The study was small, however, with just four patients on the placebo, four on a low dose of 30 milligrams per kilogram of body weight, and four more on 50 milligrams per kilogram of body weight. Now the company will have to wait for the analysis of patients after 48 weeks of follow-up to see how much dystrophin the patients produce, whether it increases or plateaus, and whether they do better on the 6-minute walk test as time goes on. Whatever those results say, they will have a big impact on conversations AVI has with the FDA about the next proper steps in development, and the size, scope, and cost of trials to prove AVI has a real drug.

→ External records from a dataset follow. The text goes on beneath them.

(* Let $\mathbb{X}$ be a finite set, $\mathcal{H}_A$ a finite-dimensional Hilbert space, and $\{\rho_A^x\}_{x\in\mathbb{X}}$ density operators on $\mathcal{H}_A$. Define the barycentric quantum Rényi leakage \[ \mathcal{B}(X\rightarrow A)_{\rho_A}=\min_{\pi\in\Delta(\mathbb{X})}\max_{x\in\mathbb{X}}\widetilde{D}_\infty\Big(\rho_A^x\,\Big\|\,\sum_{x'\in\mathbb{X}}\pi(x')\rho_A^{x'}\Big). \] Then: (a) $\mathcal{B}(X\rightarrow A)_{\rho_A}\geq 0$, with equality if and only if $\rho_A^x=\rho_A^{x'}$ for all $x,x'\in\mathbb{X}$; (b) for any unitary $U$ on $\mathcal{H}_A$, the barycentric quantum Rényi leakage of the family $\{U\rho_A^xU^\dagger\}_{x\in\mathbb{X}}$ equals that of $\{\rho_A^x\}_{x\in\mathbb{X}}$; (c) for any quantum channel $\mathcal{E}$ (completely positive trace-preserving map) with domain the operators on $\mathcal{H}_A$, the barycentric quantum Rényi leakage of the family $\{\mathcal{E}(\rho_A^x)\}_{x\in\mathbb{X}}$ is at most that of $\{\rho_A^x\}_{x\in\mathbb{X}}$.
   Context: All logarithms are base 2. $\Delta(\mathbb{X})$ is the set of probability mass functions on $\mathbb{X}$. For a density operator $\rho$ and positive semi-definite $\sigma$, $\widetilde{D}_\infty(\rho\|\sigma)=\log\big(\inf\{\mu\in\mathbb{R}:\rho\leq\mu\sigma\}\big)$, equal to $+\infty$ if the support of $\rho$ is not contained in that of $\sigma$. *)

From HB Require Import structures.
From mathcomp Require Import all_boot all_order all_algebra.
From mathcomp Require Import spectral.
From mathcomp Require Import complex mxtens.
From mathcomp Require Import classical_sets boolp reals constructive_ereal ereal exp.

Set Implicit Arguments.
Unset Strict Implicit.
Unset Printing Implicit Defensive.

Import Order.TTheory GRing.Theory Num.Theory.
Local Open Scope ring_scope.
Local Open Scope classical_set_scope.
Local Open Scope sesquilinear_scope.

(* Hilbert space H_A = C^n, C = R[i] with R : realType; operators are 'M[R[i]]_n. *)

Definition psdmx (R : realType) (n : nat) (A : 'M[R[i]]_n) : Prop :=
  A ^t* = A /\ forall v : 'cV[R[i]]_n, 0 <= (v ^t* *m A *m v) 0 0.

Definition loewner_le (R : realType) (n : nat) (A B : 'M[R[i]]_n) : Prop :=
  psdmx (B - A).

Definition density (R : realType) (n : nat) (rho : 'M[R[i]]_n) : Prop :=
  psdmx rho /\ \tr rho = 1.

Definition log2 (R : realType) (x : R) : R := ln x / ln 2.

(* max-relative entropy  D~_oo(rho || sigma) = log (inf {mu : rho <= mu sigma}),
   +oo when no such mu exists (support of rho not contained in that of sigma) *)
Definition Dmax (R : realType) (n : nat) (rho sigma : 'M[R[i]]_n) : \bar R :=
  let S := [set mu : R | loewner_le rho ((mu%:C)%C *: sigma)] in
  if `[< S !=set0 >] then (log2 (inf S))%:E else +oo%E.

Everything would have been simpler, of course, if AVI had shown what it did on dystrophin levels, and that finding neatly aligned with an improvement in the 6-minute walk test. Had that happened, you can bet the stock would have jumped, and manuscripts would have been prepared for the New England Journal of Medicine.
But drug development rarely provides such black-and-white answers, especially early in the game. So AVI will have to live with ambiguity this year, both in terms of how its drug is doing clinically, and what its future holds as a business. In the best case, Garabedian says, he can imagine getting positive 48-week data in the fourth quarter, having a meeting to discuss it soon after with the FDA, and starting a pivotal study of eteplirsen in 2013.
“While we’d prefer to have a stronger signal of clinical benefit to accelerate the program, we’ll use this period to think about how to design and execute our pivotal program,” Garabedian says. “There’s a lot to do.”